Lemma bdry_endpoint_finite (B : set R) : finite_set B -> finite_set (bdry_endpoint B).
Proof.
move=> fB; apply: (sub_finite_set (B := [set -oo; +oo] `|` (EFin @` B))).
  by move=> l [->|[->|[r Br ->]]]; [left; left|left; right|right; exists r].
by rewrite finite_setU; split; [exact: finite_set2|exact: finite_image].
Qed.

Lemma bdry_gap_before B l u l' u' : bdry_gap B l u -> bdry_gap B l' u' ->
  l < l' -> u <= l'.
Proof.
move=> [lu _ _ noB] [lu' El' _ _] ll'.
case: El' => [El'|[El'|[r Br El']]].
- by rewrite El' ltNge leNye in ll'.
- by rewrite El' ltNge leey in lu'.
rewrite leNgt; apply/negP => ul'; apply: (noB r) => //; split; rewrite -El' //.
Qed.

Lemma bdry_gap_same_start B l u u' : bdry_gap B l u -> bdry_gap B l u' -> u <= u'.
Proof.
move=> [lu _ _ noB] [lu' _ Eu' _]; rewrite leNgt; apply/negP => u'u.
case: Eu' => [Eu|[Eu|[r Br Eu]]].
- by rewrite Eu ltNge leNye in lu'.
- by rewrite Eu ltNge leey in u'u.
by apply: (noB r) => //; split; rewrite -Eu.
Qed.

Lemma bdry_gap_meet B l u l' u' x : bdry_gap B l u -> bdry_gap B l' u' ->
  ecc l u x -> ecc l' u' x ->
  (l = l' /\ u = u') \/ (u = x%:E /\ l' = x%:E) \/ (u' = x%:E /\ l = x%:E).
Proof.
move=> g g' /andP[lx xu] /andP[l'x xu'].
case: (ltgtP l l') => [ll'|l'l|ll'].
- right; left; have ul' := bdry_gap_before g g' ll'.
  have ux : u = x%:E by apply/eqP; rewrite eq_le xu (le_trans ul' l'x).
  by split => //; apply/eqP; rewrite eq_le l'x -ux ul'.
- right; right; have u'l := bdry_gap_before g' g l'l.
  have u'x : u' = x%:E by apply/eqP; rewrite eq_le xu' (le_trans u'l lx).
  by split => //; apply/eqP; rewrite eq_le lx -u'x u'l.
- left; split => //; subst l'; apply/eqP; rewrite eq_le.
  by rewrite (bdry_gap_same_start g g') (bdry_gap_same_start g' g).
Qed.

Lemma bdry_gap_of (B : set R) x : finite_set B -> ~ B x ->
  exists l u, bdry_gap B l u /\ eoo l u x.
Proof.
move=> fB nBx.
pose L := [set b | B b /\ (b < x)%R]; pose U := [set b | B b /\ (x < b)%R].
have [l [El Hl lx]] :
    exists l, [/\ bdry_endpoint B l, (forall b, L b -> b%:E <= l) & l < x%:E].
  have [[b0 Lb0]|L0] := pselect (L !=set0); last first.
    exists -oo; split; [by left| |exact: ltNyr].
    by move=> b Lb; exfalso; apply: L0; exists b.
  have [m [Bm mx] Hm] := finite_max (finite_setIl _ fB) (ex_intro _ b0 Lb0).
  exists m%:E; split; [by right; right; exists m| |by rewrite lte_fin].
  by move=> b Lb; rewrite lee_fin; exact: Hm.
have [u [Eu Hu xu]] :
    exists u, [/\ bdry_endpoint B u, (forall b, U b -> u <= b%:E) & x%:E < u].
  have [[b0 Ub0]|U0] := pselect (U !=set0); last first.
    exists +oo; split; [by right; left| |exact: ltry].
    by move=> b Ub; exfalso; apply: U0; exists b.
  have [m [Bm mx] Hm] := finite_min (finite_setIl _ fB) (ex_intro _ b0 Ub0).
  exists m%:E; split; [by right; right; exists m| |by rewrite lte_fin].
  by move=> b Ub; rewrite lee_fin; exact: Hm.
exists l, u; split => //; split => //; first exact: lt_trans lx xu.
move=> y [ly yu] By; have [yx|xy|yx] := ltgtP y x.
- by have := Hl y (conj By yx); rewrite leNgt ly.
- by have := Hu y (conj By xy); rewrite leNgt yu.
- by apply: nBx; rewrite -yx.
Qed.

Lemma conull_sides_not_bdry (T : set R) l u x : l < x%:E -> x%:E < u ->
  mu (eoo l x%:E `&` ~` T) = 0 -> mu (eoo x%:E u `&` ~` T) = 0 -> ~ mbdry T x.
Proof.
move=> lx xu N1 N2; have [d d0 Hd] := eoo_nbhs (conj lx xu).
apply: locally_null_compl_not_bdry; exists d => //.
apply: (null_sub (B := (eoo l x%:E `&` ~` T) `|` [set x] `|` (eoo x%:E u `&` ~` T))).
  move=> y [yin nTy]; have := Hd y; rewrite -in_ball_itv => /(_ yin) [ly yu].
  have [yx|xy|->] := ltgtP y x; last by left; right.
  + by left; left; split => //; split => //; rewrite lte_fin.
  + by right; split => //; split => //; rewrite lte_fin.
by rewrite !null_setU ?mu_set1.
Qed.

Definition gap_family (T : set R) : set (set R) :=
  [set I | exists l u, [/\ bdry_gap (mbdry T) l u, mu (eoo l u `&` ~` T) = 0
                        & I = ecc l u]].

Lemma gap_family_disjoint (T : set R) I J : gap_family T I -> gap_family T J ->
  I <> J -> I `&` J = set0.
Proof.
move=> [l [u [g N ->]]] [l' [u' [g' N' ->]]] IJ.
apply/seteqP; split => // x [Ix Jx].
have [lu El Eu _] := g; have [lu' El' Eu' _] := g'.
have [[ll' uu']|[[ux l'x]|[u'x lx]]] := bdry_gap_meet g g' Ix Jx.
- by apply: IJ; rewrite ll' uu'.
- rewrite ux in lu N; rewrite l'x in lu' N'.
  by apply: (conull_sides_not_bdry lu lu' N N'); exact: bdry_endpoint_real Eu ux.
- rewrite u'x in lu' N'; rewrite lx in lu N.
  by apply: (conull_sides_not_bdry lu' lu N' N); exact: bdry_endpoint_real El lx.
Qed.

Lemma null_if_null (A : set R) : mu [set y | A y /\ mu A = 0] = 0.
Proof.
have [A0|A0] := pselect (mu A = 0); first by apply: null_sub A0 => y [].
by apply: null_sub null_set0 => y [].
Qed.

(* Off the finite boundary, a point of T lies in a gap where ~T is null, and a
   point outside T lies in a gap where T is null; the union of these
   (finitely many) null pieces controls the symmetric difference. *)
Lemma gap_family_ae (T : set R) : lebesgue_measurable T -> finite_perimeter T ->
  mu ((T `\` \bigcup_(I in gap_family T) I) `|` ((\bigcup_(I in gap_family T) I) `\` T)) = 0.
Proof.
move=> mT fT; pose B := mbdry T; pose P := bdry_endpoint B `*` bdry_endpoint B.
have fP : finite_set P by apply: finite_setX; exact: bdry_endpoint_finite.
pose Z (V : set R) := \bigcup_(p in P)
  [set y | (eoo p.1 p.2 `&` V) y /\ mu (eoo p.1 p.2 `&` V) = 0].
have ZV0 V : mu (Z V) = 0 by apply: null_bigcup_finite => // p _; exact: null_if_null.
apply: (null_sub (B := B `|` Z T `|` Z (~` T))); last first.
  by rewrite !null_setU ?ZV0 ?null_finite.
move=> x; have [Bx _|nBx] := pselect (B x); first by left; left.
move=> [[Tx nFx]|[[I [l [u [g N ->]]] /andP[lx xu]] nTx]].
- have [l [u [g xlu]]] := bdry_gap_of fT nBx; have [_ El Eu noB] := g.
  case: (gap_dichotomy mT noB) => N; first by left; right; exists (l, u).
  exfalso; apply: nFx; exists (ecc l u); first by exists l, u.
  by case: xlu => ? ?; apply/andP; split; apply: ltW.
- right; have [_ El Eu _] := g; exists (l, u) => //; split => //; split => //.
  split; rewrite lt_neqAle ?lx ?xu andbT; apply/eqP => E; apply: nBx.
    exact: bdry_endpoint_real El E.
  exact: bdry_endpoint_real Eu (esym E).
Qed.

Lemma gap_family_valid (T : set R) : lebesgue_measurable T -> finite_perimeter T ->
  is_itv_family T (gap_family T).
Proof.
move=> mT fT; split; last exact/null_negligible/gap_family_ae.
  by move=> I [l [u [[lu _ _ _] _ ->]]]; exists l, u.
exact: gap_family_disjoint.
Qed.

Lemma itv_family_valid (T : set R) : lebesgue_measurable T -> finite_perimeter T ->
  is_itv_family T (itv_family T).
Proof. by move=> mT fT; apply: (@xgetI _ _ _ (gap_family T)); exact: gap_family_valid. Qed.

End IntervalFamily.

Section InnerIntervals.
Context {R : realType}.
Local Notation mu := (@completed_lebesgue_measure R).
Local Open Scope ereal_scope.

(* An interval of a family satisfying [is_itv_family T] has no boundary point
   of T in its interior, since T is conull there. *)
Lemma itv_family_no_inner_bdry (T : set R) F I (l u : \bar R) r :
  is_itv_family T F -> F I -> I = ecc l u -> l < r%:E -> r%:E < u -> ~ mbdry T r.
Proof.
move=> [_ _ /negligible_null FT] FI EI lr ru.
have [d d0 Hd] := eoo_nbhs (conj lr ru).
apply: locally_null_compl_not_bdry; exists d => //.
apply: null_sub FT => y [yin nTy]; right; split => //; exists I => //.
have [ly yu] : eoo l u y by apply: Hd; rewrite -in_ball_itv.
by rewrite EI /=; apply/andP; split; apply: ltW.
Qed.

Lemma itv_family_between_bdry (T : set R) F I (p q x : R) : is_itv_family T F ->
  F I -> mbdry T p -> mbdry T q -> I x -> (p <= x <= q)%R -> ~ mbdry T x ->
  exists l u : R, [/\ (p <= l)%R, (l < u)%R, (u <= q)%R & I = [set` `[l, u]]].
Proof.
move=> TF FI Tp Tq Ix /andP[px xq] nTx.
have [cI _ _] := TF; have [l [u [lu EI]]] := cI I FI.
have noB := itv_family_no_inner_bdry TF FI EI.
have := Ix; rewrite EI => /andP[lx xu].
have pl : p%:E <= l.
  rewrite leNgt; apply/negP => lp; have [pu|up] := ltP (p%:E) u; first exact: noB pu Tp.
  apply: nTx; suff -> : x = p by [].
  by apply/eqP; rewrite eq_le px andbT -lee_fin; exact: le_trans xu up.
have uq : u <= q%:E.
  rewrite leNgt; apply/negP => qu; have [lq|ql] := ltP l (q%:E); first exact: noB lq qu Tq.
  apply: nTx; suff -> : x = q by [].
  by apply/eqP; rewrite eq_le xq /= -lee_fin; exact: le_trans ql lx.
case: l lu EI pl lx noB => [l| |] lu EI pl lx noB; first last.
- by rewrite leeNy_eq in pl.
- by rewrite ltNge leey in lu.
case: u uq lu EI xu noB => [u| |] uq lu EI xu noB; first last.
- by rewrite ltNge leNye in lu.
- by rewrite leye_eq in uq.
by move: uq lu pl; rewrite !lee_fin lte_fin => uq lu pl; exists l, u.
Qed.

Lemma itv_min_cc (l u : R) : (l <= u)%R -> itv_min [set` `[l, u]] = l.
Proof.
move=> lu; rewrite /itv_min; suff -> : ereal_inf (EFin @` [set` `[l, u]]) = l%:E by [].
apply/eqP; rewrite eq_le; apply/andP; split.
  by apply: ereal_inf_lbound; exists l => //=; rewrite in_itv /= lexx lu.
by apply: le_ereal_inf_tmp => _ [y /= + <-]; rewrite in_itv /= lee_fin => /andP[].
Qed.

Lemma itv_max_cc (l u : R) : (l <= u)%R -> itv_max [set` `[l, u]] = u.
Proof.
move=> lu; rewrite /itv_max; suff -> : ereal_sup (EFin @` [set` `[l, u]]) = u%:E by [].
apply/eqP; rewrite eq_le; apply/andP; split.
  by apply: ge_ereal_sup => _ [y /= + <-]; rewrite in_itv /= lee_fin => /andP[].
by apply: ereal_sup_ubound; exists u => //=; rewrite in_itv /= lexx lu.
Qed.

(* Countable subadditivity for a disjoint family of nondegenerate intervals:
   each contains a rational, which indexes the family by natural numbers. *)
Lemma mu_bigcup_disjoint_itvs (H : set (set R)) :
  (forall I, H I -> exists l u : R, (l < u)%R /\ I = [set` `[l, u]]) ->
  (forall I J, H I -> H J -> I <> J -> I `&` J = set0) ->
  mu (\bigcup_(I in H) I) <= \esum_(I in H) mu I.
Proof.
move=> Hitv Hdis.
pose rat_of (I : set R) : rat := xget 0%R [set r : rat | I (ratr r)].
have rat_ofP I : H I -> I (ratr (rat_of I)).
  move=> HI; have [l [u [lu ->]]] := Hitv I HI.
  have [r] := rat_in_itvoo lu; rewrite !in_itv /= => /andP[h1 h2].
  apply: (@xgetI _ _ [set r : rat | [set` `[l, u]] (ratr r)] r).
  by rewrite /= in_itv /= (ltW h1) (ltW h2).
pose c (I : set R) : nat := choice.pickle (rat_of I).
have c_inj I J : H I -> H J -> c I = c J -> I = J.
  move=> HI HJ /(pcan_inj choice.pickleK_inv) E; apply: contrapT => IJ.
  have /seteqP[+ _] := Hdis I J HI HJ IJ; apply; split; first exact: rat_ofP.
  by rewrite E; exact: rat_ofP.
pose e (n : nat) : set R := xget set0 [set I | H I /\ c I = n].
have ecK I : H I -> e (c I) = I.
  move=> HI; have [HJ cJ] : H (e (c I)) /\ c (e (c I)) = c I.
    by apply: (@xgetI _ _ [set I0 | H I0 /\ c I0 = c I] I).
  exact: c_inj.
have einj : set_inj (c @` H) e.
  by move=> _ _ /set_mem[I HI <-] /set_mem[J HJ <-]; rewrite !ecK// => ->.
have eH : e @` (c @` H) = H.
  apply/seteqP; split; first by move=> _ [_ [I HI <-] <-]; rewrite ecK.
  by move=> I HI; exists (c I); [exists I|rewrite ecK].
rewrite -[in X in _ <= X]eH esum_set_image; [|by move=> *; exact: mu_ge0|exact: einj].
pose F n := if n \in c @` H then e n else set0.
apply: (@le_trans _ _ (mu (\bigcup_n F n))).
  apply: mu_le => x [I HI Ix]; exists (c I) => //.
  by rewrite /F ifT ?ecK//; apply/mem_set; exists I.
apply: (le_trans (mu_bigcup F)); rewrite [X in _ <= X]eseries_mkcond.
apply: lee_nneseries => [n _ _|n _]; first exact: mu_ge0.
by rewrite /F; case: ifPn => _ //; rewrite null_set0.
Qed.

Definition inner_itvs (T : set R) (p q : R) : set (set R) :=
  [set I | itv_family T I /\ exists l u : R,
     [/\ (p <= l)%R, (l < u)%R, (u <= q)%R & I = [set` `[l, u]]]].

Lemma mu_bigcup_inner_itvs (T : set R) p q : is_itv_family T (itv_family T) ->
  mu (\bigcup_(I in inner_itvs T p q) I) <= \esum_(I in inner_itvs T p q) mu I.
Proof.
move=> [_ dis _]; apply: mu_bigcup_disjoint_itvs.
  by move=> I [_ [l [u [_ lu _ ->]]]]; exists l, u.
by move=> I J [TI _] [TJ _]; exact: dis.
Qed.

Task brief
Scan the data above for the word "Hdis" and report every line where it is found.

The completed task
move=> Hitv Hdis.
  have /seteqP[+ _] := Hdis I J HI HJ IJ; apply; split; first exact: rat_ofP.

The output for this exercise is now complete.